Items listed in a dataset
# # #
(* Let $A/B$ and $A'/B'$ be ring extensions, and suppose there are Morita modules ${}_AM_{A'}$ and ${}_BN_{B'}$ with ${}_AA\otimes_BN_{B'}\cong {}_AM_{B'}$. Let $N^{*}=\mathrm{Hom}^r({}_BN,{}_BB)$, choose $g_k,f_j\in N^{*}$ and $n_k,m_j\in N$ (finitely many) with $\sum_k n_k^{g_k}=1$ and $\sum_j n^{f_j}m_j=n$ for all $n\in N$, and identify $A'$ and $B'$ with the rings $N^{*}\otimes_BA\otimes_BN$ and $N^{*}\otimes_BB\otimes_BN$ as described in the context. Define $\psi:A\otimes_BA\to A'\otimes_{B'}A'$ by $\psi(x\otimes y)=\sum_{j,k}(f_j\otimes x\otimes n_k)\otimes(g_k\otimes y\otimes m_j)$. Then $\psi$ restricts to an additive group isomorphism $(A\otimes_BA)^B\cong (A'\otimes_{B'}A')^{B'}$.
   Context: All rings have identity, subrings contain the identity, and modules are unital. A ring extension $A/B$ means $B$ is a subring of $A$. For an $R$-$R$-module $S$ and a subring (or subset) $X$ of $R$, $S^X=\{s\in S\mid xs=sx \text{ for all } x\in X\}$. For modules ${}_AM$, ${}_AN$, $\mathrm{Hom}^r({}_AM,{}_AN)$ denotes left $A$-homomorphisms written on the right of their arguments (the image of $u$ under $\rho$ is written $u^\rho$), and $\mathrm{End}^r({}_AM)=\mathrm{Hom}^r({}_AM,{}_AM)$. For modules ${}_AX_{A'}$, ${}_AY_{A'}$, write $X\mid Y$ if $X$ is isomorphic to a direct summand of a finite direct sum of copies of $Y$, and $X\sim Y$ if $X\mid Y$ and $Y\mid X$. A bimodule ${}_AM_{A'}$ is a Morita module if ${}_AM\sim{}_AA$ and $\mathrm{End}^r({}_AM)=A'$ (with $A'$ acting on the right). $N^{*}$ is a $B'$-$B$-bimodule via $u^{(b'\rho b)}=(ub')^\rho b$. Identification: the map $N^{*}\otimes_BA\otimes_BN\to \mathrm{End}^r({}_AA\otimes_BN)\cong A'$, $\rho\otimes x\otimes u\mapsto[y\otimes v\mapsto y\,v^\rho x\otimes u]$, is a ring isomorphism when $N^{*}\otimes_BA\otimes_BN$ carries the multiplication $(\rho\otimes x\otimes u)(\sigma\otimes y\otimes v)=\rho\otimes x\,u^\sigma y\otimes v$ (identity $\sum_j f_j\otimes1\otimes m_j$); it carries $N^{*}\otimes_BB\otimes_BN$ onto $B'$. Through this identification $A'$ and $B'$ are regarded as $N^{*}\otimes_BA\otimes_BN$ and $N^{*}\otimes_BB\otimes_BN$. *)

From HB Require Import structures.
From mathcomp Require Import all_boot all_order all_algebra.
Set Implicit Arguments. Unset Strict Implicit. Unset Printing Implicit Defensive.
Import GRing.Theory.
Local Open Scope ring_scope.

Definition additive_fun (U V : zmodType) (f : U -> V) :=
  forall a b, f (a + b) = f a + f b.

Definition rng (B A : pzRingType) (i : B -> A) (a : A) : Prop := exists b, a = i b.

(* Biadditive maps A x A -> G which are balanced over the subring S of A,
   i.e. maps inducing additive maps out of A (x)_S A. *)
Definition balanced2 (A : pzRingType) (S : A -> Prop) (G : zmodType)
    (h : A -> A -> G) : Prop :=
  [/\ forall x y z, h (x + y) z = h x z + h y z,
      forall x y z, h x (y + z) = h x y + h x z &
      forall x b y, S b -> h (x * b) y = h x (b * y)].

(* (T, t) is a tensor product A (x)_S A (t x y = x (x) y): universal property. *)
Definition is_tensor2 (A : pzRingType) (S : A -> Prop) (T : zmodType)
    (t : A -> A -> T) : Prop :=
  balanced2 S t /\
  forall (G : zmodType) (h : A -> A -> G), balanced2 S h ->
    exists phi : T -> G,
      [/\ additive_fun phi,
          forall x y, phi (t x y) = h x y &
          forall phi' : T -> G, additive_fun phi' ->
            (forall x y, phi' (t x y) = h x y) -> phi' =1 phi].

(* s lies in T^S, i.e. b s = s b for all b in S, where the left/right actions
   of b on T = A (x)_S A are the additive maps x(x)y |-> bx(x)y, x(x)y |-> x(x)yb. *)
Definition tcentral (A : pzRingType) (S : A -> Prop) (T : zmodType)
    (t : A -> A -> T) (s : T) : Prop :=
  forall b, S b ->
  forall L R : T -> T, additive_fun L -> additive_fun R ->
    (forall x y, L (t x y) = t (b * x) y) ->
    (forall x y, R (t x y) = t x (y * b)) -> L s = R s.

(* rho : N -> B belongs to N^* = Hom^r(_B N, _B B) (u^rho written rho u). *)
Definition bdual (B : pzRingType) (N : lmodType B) (rho : N -> B) : Prop :=
  forall b u v, rho (b *: u + v) = b * rho u + rho v.

(* Triadditive B-balanced maps N^* x A x N -> G (N^* is a right B-module via
   u^(rho b) = u^rho b, A is a B-B-bimodule through i). *)
Definition balanced3 (B A : pzRingType) (i : B -> A) (N : lmodType B)
    (G : zmodType) (h : (N -> B) -> A -> N -> G) : Prop :=
  [/\ forall r s x u, bdual r -> bdual s ->
        h (fun v => r v + s v) x u = h r x u + h s x u,
      forall r x y u, bdual r -> h r (x + y) u = h r x u + h r y u,
      forall r x u v, bdual r -> h r x (u + v) = h r x u + h r x v,
      forall r b x u, bdual r -> h (fun v => r v * b) x u = h r (i b * x) u &
      forall r x b u, bdual r -> h r (x * i b) u = h r x (b *: u)].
# # #
**Problem details:** Return every line from the entries above that includes the word "lmodType".

**Solved exercise:**
Definition bdual (B : pzRingType) (N : lmodType B) (rho : N -> B) : Prop :=
Definition balanced3 (B A : pzRingType) (i : B -> A) (N : lmodType B)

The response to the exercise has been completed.